Bing (and everybody else) is taking the chat interface and running with it.
Image: Microsoft

Also, while messaging isn’t the most advanced interface, it might be the most expandable. Take Slack, for instance: you probably think of it as a chat app, but in that back-and-forth interface, you can embed links, editable documents, interactive polls, informational bots, and so much more. WeChat is famously an entire platform — basically an entire internet — smushed into a messaging app. You can start with messaging and go a lot of places.
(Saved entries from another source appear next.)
(* A $(\circ,\wedge,\mathsf{A})$-algebra $\mathfrak{A}$ is completely representable by partial functions if and only if $\mathfrak{A}$ is representable by partial functions, $\mathfrak{A}$ is atomic, and composition in $\mathfrak{A}$ is completely left-distributive over joins.
   Context: A $(\circ,\wedge,\mathsf{A})$-algebra is a set with two binary operations $\circ,\wedge$ and one unary operation $\mathsf{A}$. An algebra of partial functions of this signature is a set of partial functions, with base $X$ the union of all their domains and ranges, closed under: composition $f\circ g=\{(x,z)\mid \exists y\,(x,y)\in f,(y,z)\in g\}$ (apply $f$ first, then $g$); intersection; antidomain $\mathsf{A}(f)=\{(x,x)\mid x\in X, x\notin\mathrm{dom}(f)\}$. A representation by partial functions is an isomorphism onto such an algebra. The order is $a\le b\iff a\wedge b=a$, with least element $0=\mathsf{A}(a)\circ a$. An atom is a minimal nonzero element; $\mathfrak{A}$ is atomic if every nonzero element is above an atom. A representation $\theta$ is complete if for every $S$ with $\bigvee S$ existing, $\theta(\bigvee S)=\bigcup\theta[S]$ (equivalently, for every nonempty $S$ with $\bigwedge S$ existing, $\theta(\bigwedge S)=\bigcap\theta[S]$); $\mathfrak{A}$ is completely representable if it has a complete representation. Composition is completely left-distributive over joins if for every $a$ and every $S$ with $\bigvee S$ existing, $\bigvee\{a\circ s\mid s\in S\}$ exists and equals $a\circ\bigvee S$. *)

(* A (comp, meet, antidom)-algebra is given by a carrier type T
   with operations comp, meet : T -> T -> T and antidom : T -> T.
   comp f g = "apply f first, then g". *)

Section Defs.
Context {T : Type} (comp meet : T -> T -> T) (antidom : T -> T).

Definition le (a b : T) : Prop := meet a b = a.

Definition is_zero (a : T) : Prop := a = comp (antidom a) a.

Definition is_atom (a : T) : Prop :=
  ~ is_zero a /\ forall b, le b a -> is_zero b \/ b = a.

Definition atomic : Prop :=
  forall a, ~ is_zero a -> exists b, is_atom b /\ le b a.

Definition is_join (S : T -> Prop) (j : T) : Prop :=
  (forall s, S s -> le s j) /\
  (forall u, (forall s, S s -> le s u) -> le j u).

Definition comp_complete_left_distributive : Prop :=
  forall (a : T) (S : T -> Prop) (j : T), is_join S j ->
    is_join (fun t => exists s, S s /\ t = comp a s) (comp a j).

Definition is_partial_function {U : Type} (R : U -> U -> Prop) : Prop :=
  forall x y z, R x y -> R x z -> y = z.

Definition is_representation {U : Type} (theta : T -> U -> U -> Prop) : Prop :=
  (forall a, is_partial_function (theta a)) /\
  (forall a b, (forall x y, theta a x y <-> theta b x y) -> a = b) /\
  (forall a b x z, theta (comp a b) x z <-> exists y, theta a x y /\ theta b y z) /\
  (forall a b x y, theta (meet a b) x y <-> theta a x y /\ theta b x y) /\
  (forall a x y, theta (antidom a) x y <-> x = y /\ ~ exists z, theta a x z).

Definition representable : Prop :=
  exists (U : Type) (theta : T -> U -> U -> Prop), is_representation theta.

Definition is_complete_representation {U : Type} (theta : T -> U -> U -> Prop)
  : Prop :=
  is_representation theta /\
  forall (S : T -> Prop) (j : T), is_join S j ->
    forall x y, theta j x y <-> exists s, S s /\ theta s x y.

Definition completely_representable : Prop :=
  exists (U : Type) (theta : T -> U -> U -> Prop),
    is_complete_representation theta.

End Defs.

(* Necessity: a complete representation is in particular a representation,
   and composition distributes over joins because joins are unions.  For
   atomicity, if no atom lay below a nonzero a and (x, y) is in a, then a
   would be the join of the elements below a avoiding (x, y): in a
   representation a non-atom can always be split so as to avoid a given pair.
   Sufficiency: given a representation of an atomic algebra, keep only the
   points x at which every element defined at x has an atom below it that is
   still defined at x.  Atoms below a join lie below a member, so joins become
   unions on these points; complete left-distributivity makes the set of
   these points closed under the partial functions, and atomicity makes it
   large enough to still separate elements. *)

From Stdlib Require Import Classical ProofIrrelevance.

Section Representation.
Context {T : Type} (comp meet : T -> T -> T) (antidom : T -> T).
Context {U : Type} (theta : T -> U -> U -> Prop).
Hypothesis theta_rep : is_representation comp meet antidom theta.

Local Notation "a ⊑ b" := (le meet a b) (at level 70).
Local Notation zero := (is_zero comp antidom).
Local Notation atom := (is_atom comp meet antidom).

(* a restricted to the complement of the domain of a /\ b, i.e. the pairs of a not in b *)
Definition diff (a b : T) : T := comp (antidom (meet a b)) a.

(* a restricted to the domain of c *)
Definition restrict (c a : T) : T := comp (antidom (antidom c)) a.

Lemma theta_functional a x y z : theta a x y -> theta a x z -> y = z.
Proof. apply theta_rep. Qed.

Lemma theta_inj a b : (forall x y, theta a x y <-> theta b x y) -> a = b.
Proof. apply theta_rep. Qed.

Lemma theta_comp a b x z : theta (comp a b) x z <-> exists y, theta a x y /\ theta b y z.
Proof. apply theta_rep. Qed.

Lemma theta_meet a b x y : theta (meet a b) x y <-> theta a x y /\ theta b x y.
Proof. apply theta_rep. Qed.

Lemma theta_antidom a x y : theta (antidom a) x y <-> x = y /\ ~ exists z, theta a x z.
Proof. apply theta_rep. Qed.

Lemma theta_le a b : a ⊑ b <-> forall x y, theta a x y -> theta b x y.
Proof.
  split.
  - intros Hab x y Ha. unfold le in Hab. rewrite <- Hab, theta_meet in Ha. tauto.
  - intros Hab. apply theta_inj. intros x y. rewrite theta_meet. firstorder.
Qed.

Lemma le_trans a b c : a ⊑ b -> b ⊑ c -> a ⊑ c.
Proof. rewrite !theta_le. auto. Qed.

Lemma le_antisym a b : a ⊑ b -> b ⊑ a -> a = b.
Proof. rewrite !theta_le. intros. apply theta_inj. split; auto. Qed.

Lemma theta_zero a : zero a <-> forall x y, ~ theta a x y.
Proof.
  unfold is_zero. split.
  - intros -> x y. rewrite theta_comp. intros [w [Hw Ha]].
    apply theta_antidom in Hw as [<- Hw]. eauto.
  - intros Ha. apply theta_inj. intros x y. rewrite theta_comp.
    split; [intros H; exfalso; eapply Ha; eauto|].
    intros [w [Hw Hwy]]. apply theta_antidom in Hw as [<- Hw]. exfalso; eauto.
Qed.

Lemma theta_nonzero a : ~ zero a -> exists x y, theta a x y.
Proof.
  intros Ha. apply NNPP. intros Hno. apply Ha, theta_zero. intros x y Hxy. eauto.
Qed.

Lemma theta_comp_antidom c a x y :
  theta (comp (antidom c) a) x y <-> (~ exists z, theta c x z) /\ theta a x y.
Proof.
  rewrite theta_comp. split.
  - intros [w [Hw Ha]]. apply theta_antidom in Hw as [<- Hw]. auto.
  - intros [Hc Ha]. exists x. rewrite theta_antidom. auto.
Qed.

Lemma theta_restrict c a x y :
  theta (restrict c a) x y <-> (exists z, theta c x z) /\ theta a x y.
Proof.
  unfold restrict. rewrite theta_comp_antidom.
  assert (Hdom : (~ exists z, theta (antidom c) x z) <-> exists z, theta c x z).
  { split.
    - intros H. apply NNPP. intros Hc. apply H. exists x. apply theta_antidom. auto.
    - intros [z Hz] [w Hw]. apply theta_antidom in Hw as [_ Hw]. eauto. }
  rewrite Hdom. tauto.
Qed.

Lemma theta_diff a b x y : theta (diff a b) x y <-> theta a x y /\ ~ theta b x y.
Proof.
  unfold diff. rewrite theta_comp_antidom. split.
  - intros [Hab Ha]. split; [exact Ha|]. intros Hb. apply Hab. exists y.
    apply theta_meet. auto.
  - intros [Ha Hb]. split; [|exact Ha]. intros [z Hz].
    apply theta_meet in Hz as [Haz Hbz].
    rewrite (theta_functional a x z y Haz Ha) in Hbz. auto.
Qed.

Lemma restrict_le c a : restrict c a ⊑ a.
Proof. apply theta_le. intros x y. rewrite theta_restrict. tauto. Qed.

Lemma diff_le a b : diff a b ⊑ a.
Proof. apply theta_le. intros x y. rewrite theta_diff. tauto. Qed.

Lemma zero_of_le_diff a b c : c ⊑ diff a b -> c ⊑ b -> zero c.
Proof.
  rewrite !theta_le, theta_zero. intros Hca Hcb x y Hc.
  destruct (proj1 (theta_diff a b x y) (Hca x y Hc)) as [_ Hb]. exact (Hb (Hcb x y Hc)).
Qed.

Lemma diff_nonzero a b : ~ a ⊑ b -> ~ zero (diff a b).
Proof.
  intros Hab Hz. apply Hab, theta_le. intros x y Ha. apply NNPP. intros Hb.
  apply (proj1 (theta_zero _) Hz x y), theta_diff. auto.
Qed.

Lemma le_eq_of_dom c d :
  c ⊑ d -> (forall x y, theta d x y -> exists z, theta c x z) -> c = d.
Proof.
  intros Hcd Hdom. rewrite theta_le in Hcd. apply theta_inj. intros x y.
  split; [apply Hcd|]. intros Hd. destruct (Hdom x y Hd) as [z Hz].
  rewrite (theta_functional d x y z Hd (Hcd x z Hz)). exact Hz.
Qed.

Lemma atom_le_join S j g :
  is_join meet S j -> atom g -> g ⊑ j -> exists s, S s /\ g ⊑ s.
Proof.
  intros [Hub Hlub] [Hg Hmin] Hgj. apply NNPP. intros Hno.
  assert (Hdisj : forall s, S s -> zero (meet g s)).
  { intros s Hs. destruct (Hmin (meet g s)) as [Hz | Heq]; [|exact Hz|].
    - apply theta_le. intros x y. rewrite theta_meet. tauto.
    - exfalso. apply Hno. exists s. split; [exact Hs | exact Heq]. }
  apply Hg, (zero_of_le_diff j g g); [|apply theta_le; auto].
  apply (le_trans g j); [exact Hgj|]. apply Hlub. intros s Hs.
  apply theta_le. intros x y Hsxy. apply theta_diff. split.
  - apply (proj1 (theta_le s j) (Hub s Hs)). exact Hsxy.
  - intros Hgxy. apply (proj1 (theta_zero _) (Hdisj s Hs) x y), theta_meet. auto.
Qed.

Lemma le_of_no_atom_le_diff a b :
  atomic comp meet antidom -> (forall g, atom g -> ~ g ⊑ diff a b) -> a ⊑ b.
Proof.
  intros Hat Hno. apply NNPP. intros Hab.
  destruct (Hat (diff a b) (diff_nonzero a b Hab)) as [g [Hg Hgd]].
  exact (Hno g Hg Hgd).
Qed.

Lemma join_atoms_le a :
  atomic comp meet antidom -> is_join meet (fun g => atom g /\ g ⊑ a) a.
Proof.
  intros Hat. split; [intros g [_ Hga]; exact Hga|].
  intros u Hu. apply le_of_no_atom_le_diff; [exact Hat|]. intros g Hg Hgd.
  apply (proj1 Hg), (zero_of_le_diff a u g Hgd), Hu.
  split; [exact Hg | exact (le_trans g _ a Hgd (diff_le a u))].
Qed.

Lemma atom_restrict g a x y z :
  atom g -> theta g x y -> theta a x z -> atom (restrict g a).
Proof.
  intros [Hg Hmin] Hgxy Haxz. split.
  - rewrite theta_zero. intros Hz. apply (Hz x z), theta_restrict. eauto.
  - intros c Hc. destruct (classic (zero c)) as [Hcz | Hcz]; [left; exact Hcz | right].
    destruct (theta_nonzero c Hcz) as [p [q Hpq]].
    destruct (proj1 (theta_restrict g a p q) (proj1 (theta_le _ _) Hc p q Hpq)) as [[w Hw] _].
    assert (Hgc : restrict c g = g).
    { destruct (Hmin (restrict c g) (restrict_le c g)) as [Hz | Heq]; [|exact Heq].
      exfalso. apply (proj1 (theta_zero _) Hz p w), theta_restrict. eauto. }
    apply le_eq_of_dom; [exact Hc|]. intros r t Hr.
    apply theta_restrict in Hr as [[v Hv] _].
    rewrite <- Hgc, theta_restrict in Hv. tauto.
Qed.

Lemma nonatom_split b x y :
  ~ zero b -> ~ atom b -> exists c, c ⊑ b /\ ~ zero c /\ ~ theta c x y.
Proof.
  intros Hb Hnat.
  assert (Hc : exists c, c ⊑ b /\ ~ zero c /\ c <> b).
  { apply NNPP. intros Hno. apply Hnat. split; [exact Hb|]. intros c Hcb.
    destruct (classic (zero c)) as [Hz | Hz]; [left; exact Hz | right].
    apply NNPP. intros Hne. apply Hno. eauto. }
  destruct Hc as [c [Hcb [Hcz Hcne]]].
  destruct (classic (theta c x y)) as [Hcxy | Hcxy]; [|eauto].
  exists (comp (antidom c) b). repeat split.
  - apply theta_le. intros r t. rewrite theta_comp_antidom. tauto.
  - intros Hz. apply Hcne, le_eq_of_dom; [exact Hcb|]. intros r t Hbrt.
    apply NNPP. intros Hdom. apply (proj1 (theta_zero _) Hz r t), theta_comp_antidom. auto.
  - rewrite theta_comp_antidom. intros [Hdom _]. eauto.
Qed.

Lemma join_avoiding a x y :
  (forall g, atom g -> ~ g ⊑ a) ->
  is_join meet (fun c => c ⊑ a /\ ~ theta c x y) a.
Proof.
  intros Hno. split; [intros c [Hca _]; exact Hca|].
  intros u Hu. apply NNPP. intros Hau.
  destruct (nonatom_split (diff a u) x y) as [c [Hcd [Hcz Hcxy]]].
  - exact (diff_nonzero a u Hau).
  - intros Hd. exact (Hno _ Hd (diff_le a u)).
  - apply Hcz, (zero_of_le_diff a u c Hcd), Hu.
    split; [exact (le_trans c _ a Hcd (diff_le a u)) | exact Hcxy].
Qed.

Section Complete.
Hypothesis theta_joins : forall S j, is_join meet S j ->
  forall x y, theta j x y <-> exists s, S s /\ theta s x y.

Lemma complete_atomic : atomic comp meet antidom.
Proof.
  intros a Ha. destruct (theta_nonzero a Ha) as [x [y Hxy]].
  apply NNPP. intros Hno.
  assert (Hno' : forall g, atom g -> ~ g ⊑ a) by eauto.
  apply (theta_joins _ a (join_avoiding a x y Hno')) in Hxy as [s [[_ Hs] Hsxy]].
  exact (Hs Hsxy).
Qed.

Lemma complete_comp_left_distributive : comp_complete_left_distributive comp meet.
Proof.
  intros a S j Hj. split.
  - intros t [s [Hs ->]]. apply theta_le. intros x z. rewrite !theta_comp.
    intros [y [Ha Hs']]. exists y. split; [exact Ha|].
    exact (proj1 (theta_le s j) (proj1 Hj s Hs) y z Hs').
  - intros u Hu. apply theta_le. intros x z. rewrite theta_comp.
    intros [y [Ha Hj']]. apply (theta_joins S j Hj) in Hj' as [s [Hs Hsyz]].
    apply (proj1 (theta_le _ u) (Hu _ (ex_intro _ s (conj Hs eq_refl)))), theta_comp.
    eauto.
Qed.

End Complete.

Section Restriction.
Variable Q : U -> Prop.
Hypothesis Q_closed : forall a x y, Q x -> theta a x y -> Q y.
Hypothesis Q_separating :
  forall a b, (forall x y, Q x -> theta a x y -> theta b x y) -> a ⊑ b.

Definition restricted (a : T) (x y : {x | Q x}) : Prop :=
  theta a (proj1_sig x) (proj1_sig y).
But so many of these tools stumble in the same ways. For quick exchanges of information, like business hours, chat is perfect — ask a question, get an answer. But browsing a catalog as a series of messages? No thanks. Buying a plane ticket with a thousand-message back-and-forth? Hard pass. It’s no different than voice assistants, and god help you if you’ve ever tried to even buy simple things with Alexa. (“For Charmin, say ‘three.’”)  For most complicated things, a visual and dedicated UI is far better than a messaging window.

And when it comes to ChatGPT, Bard, Bing, and the rest, things get complicated really fast. These models are smart and collaborative, but you still have to know exactly what to ask for, in what way, and in what order to get what you want. The idea of a “prompt engineer,” the person you pay to know exactly how to coax the perfect image from Stable Diffusion or get ChatGPT to generate just the right Javascript, seems ridiculous but is actually an utterly necessary part of the equation. It’s no different than in the early computer era when only a few people knew how to tell the computer what to do. There are already marketplaces on which you can buy and sell really great prompts; there are prompt gurus and books about prompts; I assume Stanford is already working on a Prompt Engineering major that everyone will be taking soon.

The remarkable thing about generative AI is that it feels like it can do almost anything. That’s also the whole problem. When you can do anything, what do you do? Where do you start? How do you learn how to use it when your only window into its possibilities is a blinking cursor? Eventually, these companies might develop more visual, more interactive tools that help people truly understand what they can do and how it all works. (This is one reason to keep an eye on ChatGPT’s new plug-ins system, which is pretty straightforward for now but could quickly expand the things you can do in the chat window.) Right now, the best idea any of them have is to offer a few suggestions about things you might type. 

AI was going to be a feature. Now it’s the product. And that means the text box is back. Messaging is the interface, again.